Depositional Features • Sediment that is transported along the shore and deposited in areas where energy is low produce depositional features • Where longshore currents and other surf zone currents are active, several features related to the movement of sediment along the shore may develop • A spit is an elongated ridge of sand that projects from the land into the mouth of an adjacent bay • The term baymouth bar is used when a sandbar completely crosses a bay, cutting it off from the ocean • A tombolo is a ridge of sand that connects an island to the mainland or another island • Barrier Islands – narrow sandbars parallel to, but separated from the coast
Concept Check • What is a barrier island? • A barrier island is a narrow sandbar parallel to, but separate from, the coast at distances from 3 to 30 km offshore.
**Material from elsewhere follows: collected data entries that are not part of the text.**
(* For all $t\ge 2$, in $\mathbb{F}_2[w_2,w_3]$ one has \[ r_{2^{t-1}-2}=q_{2^t-4},\qquad w_3r_{2^{t-1}-4}=q_{2^t-5},\qquad r_{2^{t-1}-1}=q_{2^t-2}. \]
   Context: In $\mathbb{F}_2[w_2,w_3]$: $q_0=1$, $q_m=0$ for $m<0$, $q_m=w_2q_{m-2}+w_3q_{m-3}$ for $m\ge1$; $r_0=1$, $r_m=0$ for $m<0$, $r_{m+1}=w_2r_m+w_3^2r_{m-2}$ for $m\ge0$. *)

From HB Require Import structures.
From mathcomp Require Import all_boot all_order all_algebra.
From mathcomp Require Import mpoly.
Set Implicit Arguments. Unset Strict Implicit. Unset Printing Implicit Defensive.
Import Order.TTheory GRing.Theory Num.Theory.
Local Open Scope ring_scope.

Notation P := {mpoly 'F_2[2]}.
Definition w2 : P := 'X_(@Ordinal 2 0 isT).
Definition w3 : P := 'X_(@Ordinal 2 1 isT).

(* qtrip n = (q_n, q_{n-1}, q_{n-2}) with q_m = 0 for m < 0. *)
Fixpoint qtrip (n : nat) : P * P * P :=
  match n with
  | 0 => (1, 0, 0)
  | n'.+1 => let '(a, b, c) := qtrip n' in (w2 * b + w3 * c, a, b)
  end.

(* rtrip n = (r_n, r_{n-1}, r_{n-2}) with r_m = 0 for m < 0. *)
Fixpoint rtrip (n : nat) : P * P * P :=
  match n with
  | 0 => (1, 0, 0)
  | n'.+1 => let '(a, b, c) := rtrip n' in (w2 * a + w3 ^+ 2 * c, a, b)
  end.

Definition q (m : int) : P :=
  match m with Posz n => (qtrip n).1.1 | Negz _ => 0 end.
Definition r (m : int) : P :=
  match m with Posz n => (rtrip n).1.1 | Negz _ => 0 end.

(* Squaring is additive in characteristic 2, so each recurrence admits doubling
   formulas: q_{2k} = q_k^2 + w2 q_{k-1}^2, q_{2k+1} = w3 q_{k-1}^2, r_{2k} = r_k^2
   and r_{2k+1} = w2 r_k^2 + w3^2 r_{k-1}^2.  For M a power of 2 they carry the
   identities r_{M-2} = q_{2M-4}, w3 r_{M-4} = q_{2M-5}, r_{M-1} = q_{2M-2} from M
   to 2M, using that q_{M-3} = 0, a fact that doubles as well since
   q_{2M-3} = w3 q_{M-3}^2. *)

From mathcomp Require Import all_boot all_algebra mpoly.
From mathcomp Require Import ring zify.

Set Implicit Arguments.
Unset Strict Implicit.

Import GRing.Theory.
Local Open Scope ring_scope.

Section Char2Recurrences.

Variable R : comNzRingType.
Hypothesis pcharR2 : (2 \in [pchar R])%N.

Lemma sqrrD_pchar2 (x y : R) : (x + y) ^+ 2 = x ^+ 2 + y ^+ 2.
Proof. by rewrite sqrrD mulrn_pchar // addr0. Qed.

Section Recurrence23.

Variables (a b : R) (f : int -> R).
Hypotheses (f_neg : forall m : int, m < 0 -> f m = 0) (f0 : f 0 = 1).
Hypothesis f_rec : forall m : int, 0 < m -> f m = a * f (m - 2) + b * f (m - 3).

Let f_recE (m n p : int) : 0 < m -> m = n + 2 -> m = p + 3 ->
  f m = a * f n + b * f p.
Proof. by move=> m_gt0 en ep; rewrite f_rec //; congr (_ * f _ + _ * f _); lia. Qed.

Let double_pair (n : nat) :
  (f (2 * n%:Z) = f n ^+ 2 + a * f (n%:Z - 1) ^+ 2 /\
   f (2 * n%:Z + 1) = b * f (n%:Z - 1) ^+ 2) /\
  f (2 * n%:Z - 1) = b * f (n%:Z - 2) ^+ 2.
Proof.
elim: n => [|n [[fe fo] fo']].
  rewrite mulr0 add0r sub0r f0 (@f_recE 1 (-1) (-2)) // !f_neg //.
  by rewrite expr1n expr0n !mulr0 !addr0.
have -> : n.+1%:Z - 1 = n by lia.
have -> : n.+1%:Z - 2 = n%:Z - 1 by lia.
have -> : 2 * n.+1%:Z - 1 = 2 * n%:Z + 1 by lia.
have fn : f n.+1 = a * f (n%:Z - 1) + b * f (n%:Z - 2) by apply: f_recE; lia.
have f_even : f (2 * n.+1) = a * f (2 * n%:Z) + b * f (2 * n%:Z - 1).
  by apply: f_recE; lia.
have f_odd : f (2 * n.+1 + 1) = a * f (2 * n%:Z + 1) + b * f (2 * n%:Z).
  by apply: f_recE; lia.
split; last exact: fo.
rewrite f_even f_odd fe fo fo' fn sqrrD_pchar2; split; first by ring.
rewrite -[RHS]addr0 -(addrr_pchar2 pcharR2 (a * b * f (n%:Z - 1) ^+ 2)); ring.
Qed.

Lemma rec23_double (k : int) :
  f (2 * k) = f k ^+ 2 + a * f (k - 1) ^+ 2 /\ f (2 * k + 1) = b * f (k - 1) ^+ 2.
Proof.
case: k => [n|n]; first exact: (double_pair n).1.
by rewrite !f_neg ?expr0n ?mulr0 ?addr0 //; lia.
Qed.

End Recurrence23.

Section Recurrence13.

Variables (a c : R) (g : int -> R).
Hypotheses (g_neg : forall m : int, m < 0 -> g m = 0) (g0 : g 0 = 1).
Hypothesis g_rec : forall m : int, 0 < m -> g m = a * g (m - 1) + c * g (m - 3).

Let g_recE (m n p : int) : 0 < m -> m = n + 1 -> m = p + 3 ->
  g m = a * g n + c * g p.
Proof. by move=> m_gt0 en ep; rewrite g_rec //; congr (_ * g _ + _ * g _); lia. Qed.

Let double_pair (n : nat) :
  (g (2 * n%:Z) = g n ^+ 2 /\
   g (2 * n%:Z + 1) = a * g n ^+ 2 + c * g (n%:Z - 1) ^+ 2) /\
  g (2 * n%:Z - 1) = a * g (n%:Z - 1) ^+ 2 + c * g (n%:Z - 2) ^+ 2.
Proof.
elim: n => [|n [[ge go] go']].
  rewrite mulr0 add0r sub0r g0 (@g_recE 1 0 (-2)) // g0 !g_neg //.
  by rewrite expr1n expr0n !mulr0 !addr0 mulr1.
have -> : n.+1%:Z - 1 = n by lia.
have -> : n.+1%:Z - 2 = n%:Z - 1 by lia.
have -> : 2 * n.+1%:Z - 1 = 2 * n%:Z + 1 by lia.
have gn : g n.+1 = a * g n + c * g (n%:Z - 2) by apply: g_recE; lia.
have g_even : g (2 * n.+1) = a * g (2 * n%:Z + 1) + c * g (2 * n%:Z - 1).
  by apply: g_recE; lia.
have g_odd : g (2 * n.+1 + 1) = a * g (2 * n.+1) + c * g (2 * n%:Z).
  by apply: g_recE; lia.
have g_even_sq : g (2 * n.+1) = g n.+1 ^+ 2.
  rewrite g_even go go' gn sqrrD_pchar2 -[RHS]addr0.
  rewrite -(addrr_pchar2 pcharR2 (a * c * g (n%:Z - 1) ^+ 2)); ring.
by rewrite g_odd g_even_sq ge.
Qed.

Lemma rec13_double (k : int) :
  g (2 * k) = g k ^+ 2 /\ g (2 * k + 1) = a * g k ^+ 2 + c * g (k - 1) ^+ 2.
Proof.
case: k => [n|n]; first exact: (double_pair n).1.
by rewrite !g_neg ?expr0n ?mulr0 ?addr0 //; lia.
Qed.

End Recurrence13.

End Char2Recurrences.

Lemma pchar2_P : (2 \in [pchar P])%N.
Proof. by rewrite pchar_lalg pchar_Fp. Qed.

Lemma q_neg (m : int) : m < 0 -> q m = 0.
Proof. by case: m. Qed.

Lemma r_neg (m : int) : m < 0 -> r m = 0.
Proof. by case: m. Qed.

Lemma qtripE (n : nat) : qtrip n = (q n, q (n%:Z - 1), q (n%:Z - 2)).
Proof.
elim: n => [//|n IHn].
have -> : n.+1%:Z - 1 = n by lia.
have -> : n.+1%:Z - 2 = n%:Z - 1 by lia.
by rewrite [qtrip _]/= IHn [q n.+1]/= IHn.
Qed.

Lemma rtripE (n : nat) : rtrip n = (r n, r (n%:Z - 1), r (n%:Z - 2)).
Proof.
elim: n => [//|n IHn].
have -> : n.+1%:Z - 1 = n by lia.
have -> : n.+1%:Z - 2 = n%:Z - 1 by lia.
by rewrite [rtrip _]/= IHn [r n.+1]/= IHn.
Qed.

Lemma q_rec (m : int) : 0 < m -> q m = w2 * q (m - 2) + w3 * q (m - 3).
Proof.
case: m => [[|n]|] // _.
have -> : n.+1%:Z - 2 = n%:Z - 1 by lia.
have -> : n.+1%:Z - 3 = n%:Z - 2 by lia.
by rewrite [q n.+1]/= qtripE.
Qed.

Lemma r_rec (m : int) : 0 < m -> r m = w2 * r (m - 1) + w3 ^+ 2 * r (m - 3).
Proof.
case: m => [[|n]|] // _.
have -> : n.+1%:Z - 1 = n by lia.
have -> : n.+1%:Z - 3 = n%:Z - 2 by lia.
by rewrite [r n.+1]/= rtripE.
Qed.

Lemma q0 : q 0 = 1. Proof. by []. Qed.
Lemma r0 : r 0 = 1. Proof. by []. Qed.

Lemma q_double (k : int) : q (2 * k) = q k ^+ 2 + w2 * q (k - 1) ^+ 2.
Proof. exact: (rec23_double pchar2_P q_neg q0 q_rec k).1. Qed.

Lemma q_double_add1 (k : int) : q (2 * k + 1) = w3 * q (k - 1) ^+ 2.
Proof. exact: (rec23_double pchar2_P q_neg q0 q_rec k).2. Qed.

Lemma r_double (k : int) : r (2 * k) = r k ^+ 2.
Proof. exact: (rec13_double pchar2_P r_neg r0 r_rec k).1. Qed.

Lemma r_double_add1 (k : int) :
  r (2 * k + 1) = w2 * r k ^+ 2 + w3 ^+ 2 * r (k - 1) ^+ 2.
Proof. exact: (rec13_double pchar2_P r_neg r0 r_rec k).2. Qed.

Definition rq_identities (M : int) : Prop :=
  [/\ r (M - 2) = q (2 * M - 4), w3 * r (M - 4) = q (2 * M - 5)
    & r (M - 1) = q (2 * M - 2)].

Lemma q_double_sub3 (M : int) : q (M - 3) = 0 -> q (2 * M - 3) = 0.
Proof.
move=> qM3; have -> : 2 * M - 3 = 2 * (M - 2) + 1 by ring.
rewrite q_double_add1 (_ : M - 2 - 1 = M - 3); last ring.
by rewrite qM3 expr0n mulr0.
Qed.

Lemma q_pow2_sub3 (u : nat) : q ((2 ^ u.+1)%N%:Z - 3) = 0.
Proof.
elim: u => [|u IHu]; first exact: q_neg.
by rewrite expnS PoszM q_double_sub3.
Qed.

Lemma rq_identities_double (M : int) :
  q (M - 3) = 0 -> rq_identities M -> rq_identities (2 * M).
Proof.
move=> qM3 [rqM2 _ rqM1].
have q2M3 := q_double_sub3 qM3.
have q2M1 : q (2 * M - 1) = w3 * q (M - 2) ^+ 2.
  have -> : 2 * M - 1 = 2 * (M - 1) + 1 by ring.
  by rewrite q_double_add1 (_ : M - 1 - 1 = M - 2); last ring.
have q2M4 : q (2 * M - 4) = q (M - 2) ^+ 2.
  have -> : 2 * M - 4 = 2 * (M - 2) by ring.
  rewrite q_double (_ : M - 2 - 1 = M - 3); last ring.
  by rewrite qM3 expr0n mulr0 addr0.
split.
- rewrite (_ : 2 * M - 2 = 2 * (M - 1)); last ring.
  rewrite (_ : 2 * (2 * M) - 4 = 2 * (2 * M - 2)); last ring.
  rewrite r_double q_double (_ : 2 * M - 2 - 1 = 2 * M - 3); last ring.
  by rewrite q2M3 rqM1 expr0n mulr0 addr0.
- rewrite (_ : 2 * M - 4 = 2 * (M - 2)); last ring.
  rewrite (_ : 2 * (2 * M) - 5 = 2 * (2 * M - 3) + 1); last ring.
  rewrite r_double q_double_add1 (_ : 2 * M - 3 - 1 = 2 * M - 4); last ring.
  by rewrite rqM2.
- rewrite (_ : 2 * (2 * M) - 2 = 2 * (2 * M - 1)); last ring.
  rewrite q_double q2M1 (_ : 2 * M - 1 - 1 = 2 * M - 2); last ring.
  rewrite (_ : 2 * M - 1 = 2 * (M - 1) + 1); last ring.
  rewrite r_double_add1 (_ : M - 1 - 1 = M - 2); last ring.
  by rewrite rqM1 rqM2 q2M4 addrC; ring.
Qed.

Lemma rq_identities_pow2 (u : nat) : rq_identities (2 ^ u.+1)%N.
Proof.
elim: u => [|u IHu].
  by split; rewrite //= ?r_neg ?q_neg ?mulr0.
by rewrite expnS PoszM; apply: rq_identities_double (q_pow2_sub3 u) IHu.
Qed.

Theorem mainTheorem16 (t : nat) (ht : (2 <= t)%N) :
  [/\ r ((2 ^ t.-1)%N%:Z - 2) = q ((2 ^ t)%N%:Z - 4),
      w3 * r ((2 ^ t.-1)%N%:Z - 4) = q ((2 ^ t)%N%:Z - 5)
    & r ((2 ^ t.-1)%N%:Z - 1) = q ((2 ^ t)%N%:Z - 2)].
Proof.
case: t ht => [|[|u]] // _.
by rewrite expnS PoszM; apply: rq_identities_pow2.
Qed.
Stabilizing the Shore • Shorelines are among Earth’s most dynamic places and are changing constantly • Erosion along the coast causes significant property damage every year • Groins, breakwaters, and seawalls are some structures built to protect a coast from erosion or to prevent the movement of sand along a beach • A groin is a barrier on the beach to trap sand that is moving parallel to the shore • A breakwater protects ships from the force of large breaking waves as they pull out of harbor • A seawall is built parallel to shore and protects the shore from waves • Beach nourishment is the addition of large quantities of sand to the beach system
Assignment (Due 2/28/08) • Read Chapter 16 (pg. 448-467) • Do Chapter 16 Assessment #1-30 (pg. 471-472) • Study for the UNIT TEST!!!
Cool Down • What structures can be built to protect a shoreline? • Groins, breakwaters, and seawalls • How can beach nourishment be helpful? How can it be harmful? • Beach quality and storm protection are improved. The process is expensive and can harm local marine life. • What is one thing new you learned today? Explain.